* [RECORD SET]
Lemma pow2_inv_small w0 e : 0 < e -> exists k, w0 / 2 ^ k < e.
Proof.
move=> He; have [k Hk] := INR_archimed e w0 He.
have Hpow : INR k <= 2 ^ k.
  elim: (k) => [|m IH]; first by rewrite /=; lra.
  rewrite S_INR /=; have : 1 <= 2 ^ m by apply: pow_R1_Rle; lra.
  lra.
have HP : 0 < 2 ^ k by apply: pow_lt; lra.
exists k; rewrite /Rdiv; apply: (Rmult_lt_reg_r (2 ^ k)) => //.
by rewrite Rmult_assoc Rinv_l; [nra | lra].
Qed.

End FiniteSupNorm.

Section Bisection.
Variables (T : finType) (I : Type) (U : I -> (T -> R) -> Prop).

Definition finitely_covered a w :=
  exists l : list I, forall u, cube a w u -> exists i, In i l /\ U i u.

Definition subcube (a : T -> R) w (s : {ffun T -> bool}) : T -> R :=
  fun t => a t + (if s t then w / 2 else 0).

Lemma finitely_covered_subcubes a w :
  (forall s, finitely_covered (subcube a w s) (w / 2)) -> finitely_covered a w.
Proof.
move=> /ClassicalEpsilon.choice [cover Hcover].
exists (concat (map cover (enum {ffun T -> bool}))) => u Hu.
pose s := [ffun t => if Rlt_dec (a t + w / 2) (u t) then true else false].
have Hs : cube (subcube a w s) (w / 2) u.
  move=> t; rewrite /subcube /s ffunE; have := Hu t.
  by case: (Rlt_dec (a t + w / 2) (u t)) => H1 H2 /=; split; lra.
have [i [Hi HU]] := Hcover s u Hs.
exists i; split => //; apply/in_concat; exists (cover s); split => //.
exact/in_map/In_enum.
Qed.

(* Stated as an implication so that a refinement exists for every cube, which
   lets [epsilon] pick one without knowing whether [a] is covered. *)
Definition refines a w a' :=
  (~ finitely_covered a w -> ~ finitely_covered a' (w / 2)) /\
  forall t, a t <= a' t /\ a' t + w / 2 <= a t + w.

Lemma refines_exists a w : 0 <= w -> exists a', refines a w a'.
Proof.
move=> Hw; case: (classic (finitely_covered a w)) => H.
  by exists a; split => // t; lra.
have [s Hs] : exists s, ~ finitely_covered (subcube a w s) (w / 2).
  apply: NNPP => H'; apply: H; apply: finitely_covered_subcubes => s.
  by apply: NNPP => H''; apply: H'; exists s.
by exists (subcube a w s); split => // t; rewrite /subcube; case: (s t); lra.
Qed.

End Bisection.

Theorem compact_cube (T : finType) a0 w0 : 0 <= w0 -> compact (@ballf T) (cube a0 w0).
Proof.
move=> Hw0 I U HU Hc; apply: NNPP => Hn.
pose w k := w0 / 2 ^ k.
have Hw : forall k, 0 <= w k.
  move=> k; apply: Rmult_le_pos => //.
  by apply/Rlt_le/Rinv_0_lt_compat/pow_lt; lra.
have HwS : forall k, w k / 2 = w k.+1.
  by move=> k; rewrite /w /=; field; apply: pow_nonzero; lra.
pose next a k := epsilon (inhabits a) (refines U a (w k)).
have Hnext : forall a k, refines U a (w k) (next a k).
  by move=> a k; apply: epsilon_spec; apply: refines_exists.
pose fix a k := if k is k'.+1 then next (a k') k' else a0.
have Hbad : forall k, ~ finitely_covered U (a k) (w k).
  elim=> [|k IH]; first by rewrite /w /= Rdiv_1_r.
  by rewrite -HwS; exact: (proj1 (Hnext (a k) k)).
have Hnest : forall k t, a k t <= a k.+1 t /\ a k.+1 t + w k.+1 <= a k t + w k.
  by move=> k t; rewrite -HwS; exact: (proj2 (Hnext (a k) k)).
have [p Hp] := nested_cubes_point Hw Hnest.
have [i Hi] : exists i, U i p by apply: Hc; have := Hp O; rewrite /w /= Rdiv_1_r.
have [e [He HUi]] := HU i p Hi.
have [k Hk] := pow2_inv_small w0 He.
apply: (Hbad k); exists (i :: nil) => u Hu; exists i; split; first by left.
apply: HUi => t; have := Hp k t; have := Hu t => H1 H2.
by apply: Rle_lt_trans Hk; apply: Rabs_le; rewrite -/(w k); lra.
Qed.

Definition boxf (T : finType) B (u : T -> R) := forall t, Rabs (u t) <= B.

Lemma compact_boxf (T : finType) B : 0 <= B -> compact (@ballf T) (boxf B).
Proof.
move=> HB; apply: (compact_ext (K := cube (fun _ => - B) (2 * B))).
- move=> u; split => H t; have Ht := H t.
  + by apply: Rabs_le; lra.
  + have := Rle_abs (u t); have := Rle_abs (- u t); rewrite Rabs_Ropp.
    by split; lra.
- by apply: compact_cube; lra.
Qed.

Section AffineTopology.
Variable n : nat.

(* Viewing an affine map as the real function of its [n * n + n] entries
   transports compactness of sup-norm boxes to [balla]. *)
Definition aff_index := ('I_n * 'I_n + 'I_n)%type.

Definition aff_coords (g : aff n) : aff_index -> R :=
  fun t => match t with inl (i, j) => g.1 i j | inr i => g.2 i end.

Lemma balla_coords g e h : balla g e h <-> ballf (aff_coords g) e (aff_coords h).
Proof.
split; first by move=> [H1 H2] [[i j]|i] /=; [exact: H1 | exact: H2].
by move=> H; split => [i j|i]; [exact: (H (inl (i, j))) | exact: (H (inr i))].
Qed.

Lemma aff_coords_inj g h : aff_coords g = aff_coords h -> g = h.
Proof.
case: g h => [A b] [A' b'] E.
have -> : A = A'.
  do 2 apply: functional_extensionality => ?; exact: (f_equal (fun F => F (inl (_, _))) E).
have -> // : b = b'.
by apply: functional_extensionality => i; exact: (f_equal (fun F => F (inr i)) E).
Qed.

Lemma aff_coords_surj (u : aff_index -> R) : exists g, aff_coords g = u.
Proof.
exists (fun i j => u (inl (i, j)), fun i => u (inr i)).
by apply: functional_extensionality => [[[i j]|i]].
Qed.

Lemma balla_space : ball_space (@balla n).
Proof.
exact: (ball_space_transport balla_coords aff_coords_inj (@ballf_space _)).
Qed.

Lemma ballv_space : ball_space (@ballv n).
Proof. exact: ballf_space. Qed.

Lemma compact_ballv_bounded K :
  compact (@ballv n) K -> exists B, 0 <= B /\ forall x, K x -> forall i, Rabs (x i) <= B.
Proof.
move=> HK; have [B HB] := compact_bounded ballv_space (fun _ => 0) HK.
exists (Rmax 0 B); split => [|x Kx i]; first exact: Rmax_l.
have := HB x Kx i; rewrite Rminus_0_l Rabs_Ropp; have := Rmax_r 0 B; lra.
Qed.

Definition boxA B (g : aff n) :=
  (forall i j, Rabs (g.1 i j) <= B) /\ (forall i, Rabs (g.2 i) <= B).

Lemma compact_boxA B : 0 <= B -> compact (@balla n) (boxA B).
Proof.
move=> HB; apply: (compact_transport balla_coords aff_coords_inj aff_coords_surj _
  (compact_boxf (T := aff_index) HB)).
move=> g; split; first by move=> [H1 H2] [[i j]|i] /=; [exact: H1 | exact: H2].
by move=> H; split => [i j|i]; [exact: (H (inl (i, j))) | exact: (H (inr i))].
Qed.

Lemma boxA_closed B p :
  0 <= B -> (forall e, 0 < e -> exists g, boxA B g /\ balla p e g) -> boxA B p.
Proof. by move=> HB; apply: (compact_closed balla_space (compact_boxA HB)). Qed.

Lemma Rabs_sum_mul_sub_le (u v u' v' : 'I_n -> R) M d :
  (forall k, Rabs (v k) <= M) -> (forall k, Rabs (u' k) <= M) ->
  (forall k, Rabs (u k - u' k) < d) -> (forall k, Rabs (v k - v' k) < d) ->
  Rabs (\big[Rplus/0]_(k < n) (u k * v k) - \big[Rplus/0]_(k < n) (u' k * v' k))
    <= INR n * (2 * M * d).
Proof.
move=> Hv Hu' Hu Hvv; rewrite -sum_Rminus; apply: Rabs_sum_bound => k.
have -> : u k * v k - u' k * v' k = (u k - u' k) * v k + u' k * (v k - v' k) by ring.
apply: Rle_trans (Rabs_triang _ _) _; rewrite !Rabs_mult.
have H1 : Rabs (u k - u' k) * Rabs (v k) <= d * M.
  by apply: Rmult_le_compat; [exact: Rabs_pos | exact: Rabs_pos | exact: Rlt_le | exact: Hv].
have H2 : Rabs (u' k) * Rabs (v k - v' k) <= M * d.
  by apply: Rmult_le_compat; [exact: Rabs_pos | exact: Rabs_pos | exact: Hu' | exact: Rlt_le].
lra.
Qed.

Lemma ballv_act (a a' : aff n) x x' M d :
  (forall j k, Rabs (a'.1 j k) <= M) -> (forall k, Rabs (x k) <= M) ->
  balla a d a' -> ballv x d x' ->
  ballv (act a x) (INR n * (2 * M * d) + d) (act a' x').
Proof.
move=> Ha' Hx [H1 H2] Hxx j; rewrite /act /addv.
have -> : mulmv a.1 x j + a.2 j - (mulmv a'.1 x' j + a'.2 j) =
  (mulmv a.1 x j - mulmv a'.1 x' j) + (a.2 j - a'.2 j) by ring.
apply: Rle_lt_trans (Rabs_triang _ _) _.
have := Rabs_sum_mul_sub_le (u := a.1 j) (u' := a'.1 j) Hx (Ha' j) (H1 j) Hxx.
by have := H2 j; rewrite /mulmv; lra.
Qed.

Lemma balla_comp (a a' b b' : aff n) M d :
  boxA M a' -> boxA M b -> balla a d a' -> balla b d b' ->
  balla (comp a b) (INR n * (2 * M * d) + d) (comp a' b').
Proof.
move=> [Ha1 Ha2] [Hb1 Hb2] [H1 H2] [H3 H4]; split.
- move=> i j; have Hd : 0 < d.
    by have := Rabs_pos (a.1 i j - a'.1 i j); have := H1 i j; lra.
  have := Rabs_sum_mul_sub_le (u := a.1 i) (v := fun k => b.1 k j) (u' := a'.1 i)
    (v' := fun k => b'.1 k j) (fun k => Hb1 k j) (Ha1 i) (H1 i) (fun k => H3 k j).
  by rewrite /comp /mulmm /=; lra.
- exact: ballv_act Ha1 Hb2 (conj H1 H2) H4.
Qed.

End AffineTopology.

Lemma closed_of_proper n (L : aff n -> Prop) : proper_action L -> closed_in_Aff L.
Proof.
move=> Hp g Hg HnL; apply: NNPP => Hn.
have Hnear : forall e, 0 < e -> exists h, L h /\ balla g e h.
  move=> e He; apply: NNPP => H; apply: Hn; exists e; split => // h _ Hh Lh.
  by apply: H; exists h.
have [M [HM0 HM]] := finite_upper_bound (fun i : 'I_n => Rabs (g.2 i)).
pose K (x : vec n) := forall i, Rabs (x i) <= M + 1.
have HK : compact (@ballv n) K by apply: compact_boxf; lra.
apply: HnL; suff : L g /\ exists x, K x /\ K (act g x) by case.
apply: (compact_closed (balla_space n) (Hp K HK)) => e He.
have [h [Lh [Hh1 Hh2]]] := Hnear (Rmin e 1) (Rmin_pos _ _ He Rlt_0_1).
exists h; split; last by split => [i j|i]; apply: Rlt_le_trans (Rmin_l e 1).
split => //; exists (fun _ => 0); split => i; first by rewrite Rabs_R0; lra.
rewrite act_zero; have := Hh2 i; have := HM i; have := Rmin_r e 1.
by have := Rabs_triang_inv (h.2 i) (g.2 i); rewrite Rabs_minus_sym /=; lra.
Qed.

* [TASK]
Return each line of the data above that includes the word "else".

* [RESPONSE]
  fun t => a t + (if s t then w / 2 else 0).
pose s := [ffun t => if Rlt_dec (a t + w / 2) (u t) then true else false].
pose fix a k := if k is k'.+1 then next (a k') k' else a0.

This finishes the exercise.